When the other servants saw what had happened, they were outraged Matthew 18:31
The world abounds with stories of ‘one of those days’ that change people for life. It could be a trauma that scars, it could be an act of kindness that rescues, it could be falling in love. Jesus uses such an incident in this parable to describe what the Kingdom of Heaven is like.
A servant has amassed a debt so enormous as to beggar belief, equivalent to 20 years’ wages for 10,000 workers. Imagine the pressure of living with that, knowing the day of reckoning is approaching. When it arrives, he begs pointlessly to restructure this impossible debt, but the consequences are unavoidable. Not only his possessions, but he and his whole family must all be sold. Then, wonder of wonders, his master cancels the debt.
It should have been ‘one of those days’. How could it not be ‘one of those days’? Whatever sort of man he had been before, how could such undeserved, unexpected kindness not affect him? But, extraordinarily, it doesn’t. He has himself lent a far lesser sum to a debtor who also cannot pay, and he demands his rights, deaf to the debtor’s pleas. Everybody has heard about both incidents, and everybody is outraged. The outcome is that things work out very badly for this unmerciful servant.

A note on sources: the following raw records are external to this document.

(* Let $\ell,t,s,d,m$ be positive integers with $m\ge d$, and $\mathbb{F}$ a finite field. Suppose $\pi=(\mathsf{Share},\mathsf{Eval},\mathsf{Rec})$ is a $t$-private $s$-server HSS scheme for a non-trivial class $\mathcal{F}\subseteq\mathrm{POLY}_{d,m}(\mathbb{F})^\ell$, which is linear over $\mathbb{F}$, whose $\mathsf{Share}$ is $t$-CNF sharing, and whose download rate equals $(s-dt)/s$. Let $n=\ell s/(s-dt)$. Then there exist a linear code $\mathcal{C}\subseteq\mathbb{F}^n$ of rate $(s-dt)/s$ and a labeling $\mathcal{L}:[n]\to[s]$ with $\Delta_{\mathcal{L}}(\mathcal{C})\ge dt+1$. (Specifically, $\mathcal{C}$ is the row span of the reconstruction matrix of $\pi$, and $\mathcal{L}(r)$ is the server sending the $r$-th downloaded symbol.)
   Context: $\mathrm{POLY}_{d,m}(\mathbb{F})$: polynomials in $\mathbb{F}[X_1,\ldots,X_m]$ of total degree $\le d$. Amortized HSS for $\mathcal{F}\subseteq\mathrm{POLY}_{d,m}(\mathbb{F})^\ell$: $\ell m$ secrets $x^{(i)}_k\in\mathbb{F}$, $\mathbf{x}^{(i)}=(x^{(i)}_1,\dots,x^{(i)}_m)$, each shared independently by randomized $\mathsf{Share}$ into $s$ shares, server $j$ receiving the $j$-th share of each; given $\mathbf{f}=(f_1,\ldots,f_\ell)\in\mathcal{F}$, server $j$ computes output share $z_j=\mathsf{Eval}(\mathbf{f},j,\text{its shares})\in\mathbb{F}^{n_j}$ (arbitrary function); $\mathsf{Rec}(z_1\circ\cdots\circ z_s)$ must equal $(f_i(\mathbf{x}^{(i)}))_{i\in[\ell]}$ with probability 1 for all secrets and $\mathbf{f}$. $t$-private: any $\le t$ shares of a secret have distribution independent of the secret. Linear: $\mathsf{Share}$ and $\mathsf{Rec}:\mathbb{F}^{\sum n_j}\to\mathbb{F}^\ell$ are $\mathbb{F}$-linear ($\mathsf{Eval}$ arbitrary). Download rate: $\ell/\sum_j n_j$ (ratio of output bits to downloaded bits). $t$-CNF sharing of $x\in\mathbb{F}$ among $s$ servers: choose $y_T\in\mathbb{F}$ for all $T\subseteq[s]$, $|T|=t$, uniformly at random subject to $\sum_T y_T=x$; server $j$ receives $(y_T: j\notin T)$. $\mathcal{F}$ is non-trivial if some $(f_1,\ldots,f_\ell)\in\mathcal{F}$ has every $f_i$ containing (with nonzero coefficient) a monomial in at least $d$ distinct variables. A labeling is a surjection $\mathcal{L}:[n]\to[s]$. Labelweight: for $\mathbf{c}\in\mathbb{F}^n$, $\Delta_{\mathcal{L}}(\mathbf{c})=|\{\mathcal{L}(i): c_i\neq0\}|$; for a code $\mathcal{C}$, $\Delta_{\mathcal{L}}(\mathcal{C})=\min_{\mathbf{0}\ne\mathbf{c}\in\mathcal{C}}\Delta_{\mathcal{L}}(\mathbf{c})$. Rate of a linear code of dimension $k$ in $\mathbb{F}^n$ is $k/n$. *)

From HB Require Import structures.
From mathcomp Require Import all_boot all_order all_algebra.
From mathcomp Require Import mpoly.
Set Implicit Arguments. Unset Strict Implicit. Unset Printing Implicit Defensive.
Import Order.TTheory GRing.Theory Num.Theory.
Local Open Scope ring_scope.

Section HSS.
Variable F : finFieldType.

(* Randomness of t-CNF sharing: values y_T for T ⊆ [s], |T| = t.  We encode
   it as a finite function on all subsets that vanishes off the t-subsets. *)
Definition cnf_shares (s t : nat) (x : F) : {set {ffun {set 'I_s} -> F}} :=
  [set y : {ffun {set 'I_s} -> F} |
     [forall T : {set 'I_s}, (#|T| != t) ==> (y T == 0)] &&
     (\sum_(T : {set 'I_s} | #|T| == t) y T == x)].

(* The joint view of a coalition S of servers: server j gets y_T for j ∉ T,
   so S sees y_T exactly when |T| = t and S is not contained in T. *)
Definition cnf_view (s t : nat) (S : {set 'I_s}) (y : {ffun {set 'I_s} -> F})
  : {ffun {set 'I_s} -> F} :=
  [ffun T : {set 'I_s} => if (#|T| == t) && ~~ (S \subset T) then y T else 0].

(* t-privacy of t-CNF sharing: for any coalition of at most t servers, the
   distribution of their shares (y uniform among valid sharings) does not
   depend on the secret.  All sets cnf_shares x have the same size, so this
   is equality of the counts of every possible view. *)
Definition cnf_private (s t : nat) : Prop :=
  forall (S : {set 'I_s}), (#|S| <= t)%N ->
  forall (x x' : F) (v : {ffun {set 'I_s} -> F}),
    #|[set y in cnf_shares s t x | cnf_view t S y == v]| =
    #|[set y in cnf_shares s t x' | cnf_view t S y == v]|.

(* Randomness for all l*m secrets x^(i)_k: Y i k T = y_T for secret (i,k). *)
Definition secret_of (s t : nat) (l m : nat)
  (Y : 'I_l -> 'I_m -> {set 'I_s} -> F) (i : 'I_l) : 'I_m -> F :=
  fun k => \sum_(T : {set 'I_s} | #|T| == t) Y i k T.

Definition server_view (s t : nat) (l m : nat) (j : 'I_s)
  (Y : 'I_l -> 'I_m -> {set 'I_s} -> F) : 'I_l -> 'I_m -> {set 'I_s} -> F :=
  fun i k T => if (#|T| == t) && (j \notin T) then Y i k T else 0.

Definition in_POLY (d m : nat) (p : {mpoly F[m]}) : bool := (msize p <= d.+1)%N.

Definition has_rich_monomial (d m : nat) (p : {mpoly F[m]}) : Prop :=
  exists2 mon : 'X_{1..m}, mon \in msupp p & (d <= #|[set k : 'I_m | mon k != 0%N]|)%N.

Definition nontrivial_class (l d m : nat) (Fc : ('I_l -> {mpoly F[m]}) -> Prop) : Prop :=
  exists2 f, Fc f & forall i : 'I_l, has_rich_monomial d (f i).

Definition labelweight (n s : nat) (L : 'I_n -> 'I_s) (c : 'rV[F]_n) : nat :=
  #|[set L r | r in [set r : 'I_n | c 0 r != 0]]|.

End HSS.

(* Let u be a nonzero vector of F^l and suppose the functional u^T Rec only read the output
   blocks of a set S of at most d t servers.  Then Y |-> sum_i u_i f_i(x^(i)(Y)), as a function
   of the CNF randomness Y, would be a sum of functions each depending on the view of a single
   server of S.  Pick i0 with u_i0 <> 0 and a monomial of f_i0 in d variables; as deg f_i0 <= d,
   every monomial of f_i0 involving all these variables is this one, with exponents 1.  Split S
   into d groups of at most t servers, one per variable a, and let T_a be a t-set containing
   group a.  The d-fold finite difference in the directions y^(i0,a)_(T_a) kills every server
   term, since the servers of group a do not see y_(T_a), but maps the left-hand side to
   u_i0 times the coefficient of the monomial.  Hence every nonzero word of the row span of
   Rec^T meets more than d t server blocks, so Rec^T has full rank l; the rate identity and a
   Singleton-type count then give s <= n, which is what makes a surjective labeling possible. *)

From HB Require Import structures.
From mathcomp Require Import all_boot all_order all_algebra.
From mathcomp Require Import mpoly.
From mathcomp Require Import zify.
From Stdlib Require Import FunctionalExtensionality.
Import Order.TTheory GRing.Theory Num.Theory.
Set Implicit Arguments. Unset Strict Implicit. Unset Printing Implicit Defensive.
Local Open Scope ring_scope.

Section FiniteDifference.
Variables (A : Type) (R : comPzRingType) (I : eqType) (tau : I -> A -> A).

Fixpoint fdiff (r : seq I) (g : A -> R) : A -> R :=
  if r is i :: r' then fdiff r' (fun Y => g (tau i Y) - g Y) else g.

Lemma eq_fdiff r g h : g =1 h -> fdiff r g =1 fdiff r h.
Proof.
elim: r g h => [|i r IHr] g h eq_gh Y //=.
by apply: IHr => Z; rewrite !eq_gh.
Qed.

Lemma fdiff0 r Y : fdiff r (fun=> 0) Y = 0.
Proof.
elim: r Y => [|i r IHr] Y //=.
by rewrite (@eq_fdiff _ _ (fun=> 0)) // => Z; rewrite subrr.
Qed.

Lemma fdiff_sum (J : Type) (s : seq J) (P : pred J) r (G : J -> A -> R) Y :
  fdiff r (fun Y => \sum_(j <- s | P j) G j Y) Y = \sum_(j <- s | P j) fdiff r (G j) Y.
Proof.
elim: r G Y => [|i r IHr] G Y //=.
rewrite -IHr; apply: eq_fdiff => Z; by rewrite sumrB.
Qed.

Lemma fdiffZ c r g Y : fdiff r (fun Y => c * g Y) Y = c * fdiff r g Y.
Proof.
elim: r g Y => [|i r IHr] g Y //=.
rewrite -IHr; apply: eq_fdiff => Z; by rewrite mulrBr.
Qed.

Hypothesis tauC : forall i j Y, tau i (tau j Y) = tau j (tau i Y).

Lemma fdiff_invariant r i g : i \in r -> (forall Y, g (tau i Y) = g Y) ->
  forall Y, fdiff r g Y = 0.
Proof.
elim: r g => [|j r IHr] g //=; rewrite in_cons => /predU1P[<- | ir] g_inv Y.
  by rewrite (@eq_fdiff _ _ (fun=> 0)) ?fdiff0 // => Z; rewrite g_inv subrr.
by apply: IHr => // Z; rewrite tauC !g_inv.
Qed.

End FiniteDifference.

Lemma fdiff_comp (A B : Type) (R : comPzRingType) (I : eqType)
    (tauA : I -> A -> A) (tauB : I -> B -> B) (phi : A -> B) :
    (forall i Y, phi (tauA i Y) = tauB i (phi Y)) ->
  forall r (g : B -> R) Y, fdiff tauA r (g \o phi) Y = fdiff tauB r g (phi Y).
Proof.
move=> phiJ r; elim: r => [|i r IHr] g Y //=.
rewrite -IHr; apply: eq_fdiff => Z /=; by rewrite phiJ.
Qed.

Lemma indicator_of_sum_le_card (T : finType) (mu : T -> nat) (A : {set T}) :
  {in A, forall a, 0 < mu a}%N -> (\sum_i mu i <= #|A|)%N ->
  forall i, mu i = (i \in A).
Proof.
move=> mu_pos sum_le.
have ge_ind i : ((i \in A) <= mu i)%N by case: (boolP (i \in A)) => // /mu_pos.
have sumE : (\sum_i mu i = #|A| + \sum_i (mu i - (i \in A)))%N.
  rewrite -sum1_card [in RHS]big_mkcond /= -big_split /=; apply: eq_bigr => i _.
  by have := ge_ind i; case: (i \in A) => /=; lia.
have /eqP : (\sum_i (mu i - (i \in A)) = 0)%N by move: sum_le; rewrite sumE; lia.
rewrite sum_nat_eq0 => /forallP excess0 i.
by have := excess0 i; have := ge_ind i; case: (i \in A) => /=; lia.
Qed.

Section MonomialDifference.
Variables (F : fieldType) (m : nat).

Definition delta (a : 'I_m) : 'I_m -> F := fun k => (k == a)%:R.
Definition shift (a : 'I_m) (X : 'I_m -> F) : 'I_m -> F := X \+ delta a.
Definition mnm_eval (mu : 'I_m -> nat) (X : 'I_m -> F) : F := \prod_i X i ^+ mu i.

Lemma shiftC a b X : shift a (shift b X) = shift b (shift a X).
Proof. by apply: functional_extensionality => k; rewrite /shift /= addrAC. Qed.

Lemma eq_mnm_eval mu mu' X : mu =1 mu' -> mnm_eval mu X = mnm_eval mu' X.
Proof. by move=> eq_mu; apply: eq_bigr => i _; rewrite eq_mu. Qed.

Lemma mnm_eval_shift_free mu a X : mu a = 0%N -> mnm_eval mu (shift a X) = mnm_eval mu X.
Proof.
move=> mua0; apply: eq_bigr => i _; rewrite /shift /delta /=.
by case: eqP => [->|_]; rewrite ?mua0 ?expr0 ?addr0.
Qed.

Lemma fdiff_mnm_eval r mu : uniq r -> {in r, forall a, mu a = 1%N} ->
  forall X, fdiff shift r (mnm_eval mu) X =
            mnm_eval (fun i => if i \in r then 0%N else mu i) X.
Proof.
elim: r mu => [|a r IHr] mu /=; first by move=> _ _ X; apply: eq_mnm_eval.
case/andP=> ar ur mu1 X.
pose mu' i := if i == a then 0%N else mu i.
have mu'1 : {in r, forall b, mu' b = 1%N}.
  move=> b br; rewrite /mu'; case: eqP => [eba|_]; first by rewrite -eba br in ar.
  by rewrite mu1 // inE br orbT.
rewrite (@eq_fdiff _ _ _ _ _ _ (mnm_eval mu')); last first.
  move=> Z; rewrite /mnm_eval (bigD1 a) //= [in X in _ - X](bigD1 a) //= [in RHS](bigD1 a) //=.
  rewrite /mu' eqxx mu1 ?mem_head // expr0 mul1r !expr1 /shift /delta /= eqxx.
  have -> : \prod_(i < m | i != a) (Z i + (i == a)%:R) ^+ mu i =
            \prod_(i < m | i != a) Z i ^+ mu i.
    by apply: eq_bigr => i /negbTE ->; rewrite addr0.
  have -> : \prod_(i < m | i != a) Z i ^+ (if i == a then 0%N else mu i) =
            \prod_(i < m | i != a) Z i ^+ mu i.
    by apply: eq_bigr => i /negbTE ->.
  by rewrite mulrDl mul1r addrAC subrr add0r.
rewrite IHr //; apply: eq_mnm_eval => i; rewrite /mu' in_cons.
by case: (i \in r); case: (i == a).
Qed.

Variables (p : {mpoly F[m]}) (d : nat) (mon : 'X_{1..m}).
Hypotheses (p_deg : (msize p <= d.+1)%N) (mon_p : mon \in msupp p).
Let A := [set k | mon k != 0%N].
Hypothesis d_le_A : (d <= #|A|)%N.

Lemma mdeg_msupp_le mu : mu \in msupp p -> (mdeg mu <= d)%N.
Proof. by move/msize_mdeg_lt/leq_trans/(_ p_deg). Qed.

Lemma msupp_indicator mu : mu \in msupp p -> {in A, forall a, 0 < mu a}%N ->
  forall i, mu i = (i \in A).
Proof.
move=> mu_p mu_pos; apply: indicator_of_sum_le_card => //.
by rewrite -mdegE (leq_trans (mdeg_msupp_le mu_p)).
Qed.

Lemma mon_indicator i : mon i = (i \in A).
Proof. by apply: msupp_indicator => // a; rewrite inE lt0n. Qed.

Lemma card_mon_support : #|A| = d.
Proof.
apply/eqP; rewrite eqn_leq d_le_A andbT.
have sumA : (\sum_i (i \in A) = #|A|)%N by rewrite -sum1_card [RHS]big_mkcond.
by rewrite -sumA -(eq_bigr _ (fun i _ => mon_indicator i)) -mdegE mdeg_msupp_le.
Qed.

Lemma fdiff_meval_mon_support :
  fdiff shift (enum A) (fun X => p.@[X]) (fun=> 0) = p@_mon.
Proof.
rewrite (@eq_fdiff _ _ _ _ _ _ (fun X => \sum_(mu <- msupp p) p@_mu * mnm_eval mu X)); last first.
  by move=> X; rewrite mevalE.
rewrite fdiff_sum (bigD1_seq mon) ?msupp_uniq //= big1_seq ?addr0.
  rewrite fdiffZ fdiff_mnm_eval ?enum_uniq //; last by move=> a; rewrite mem_enum mon_indicator => ->.
  rewrite /mnm_eval big1 ?mulr1 // => i _; rewrite mem_enum mon_indicator.
  by case: (i \in A); rewrite expr0.
move=> mu /andP[mu_mon mu_p]; rewrite fdiffZ.
case: (boolP [forall a in A, 0 < mu a]%N) => [/forall_inP mu_pos|].
  suff mu_eq : mu = mon by rewrite mu_eq eqxx in mu_mon.
  by apply/mnmP => i; rewrite msupp_indicator // mon_indicator.
rewrite negb_forall_in => /exists_inP[a aA]; rewrite lt0n negbK => /eqP mua0.
rewrite (@fdiff_invariant _ _ _ _ shiftC _ a) ?mulr0 ?mem_enum //.
by move=> Y; apply: mnm_eval_shift_free.
Qed.

End MonomialDifference.

Lemma exists_card_between (T : finType) (k : nat) (X Y : {set T}) :
  X \subset Y -> (#|X| <= k <= #|Y|)%N ->
  exists Z : {set T}, [/\ X \subset Z, Z \subset Y & #|Z| = k].
Proof.
move=> XY /andP[Xk kY].
pose W := [set x in take (k - #|X|) (enum (Y :\: X))].
have WYX : W \subset Y :\: X by apply/subsetP => x; rewrite inE => /mem_take; rewrite mem_enum.
exists (X :|: W); split; first exact: subsetUl.
  by rewrite subUset XY (subset_trans WYX) ?subsetDl.
have cardW : #|W| = (k - #|X|)%N.
  rewrite cardsE (card_uniqP _) ?take_uniq ?enum_uniq // size_takel // -cardE cardsD.
  by rewrite (setIidPr XY); lia.
rewrite cardsU cardW (_ : X :&: W = set0) ?cards0; first by lia.
apply/setP => x; rewrite inE in_set0.
case: (boolP (x \in W)) => [/(subsetP WYX)|]; last by rewrite andbF.
by rewrite inE => /andP[/negbTE -> _].
Qed.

Jesus sums it up, “This is how my heavenly Father will treat each of you unless you forgive your brother or sister from your heart.” Let’s not get diverted worrying how we’re measuring up or how to reconcile it with our ‘faith alone’ doctrine. Instead, let’s just allow the parable to speak to us. If there were an audience able to compare, they would be outraged if we didn’t forgive others given the scale of what has been forgiven us. Perhaps the solution for us is to appreciate God’s forgiveness more and to recognise we’ve had ‘one of those days’!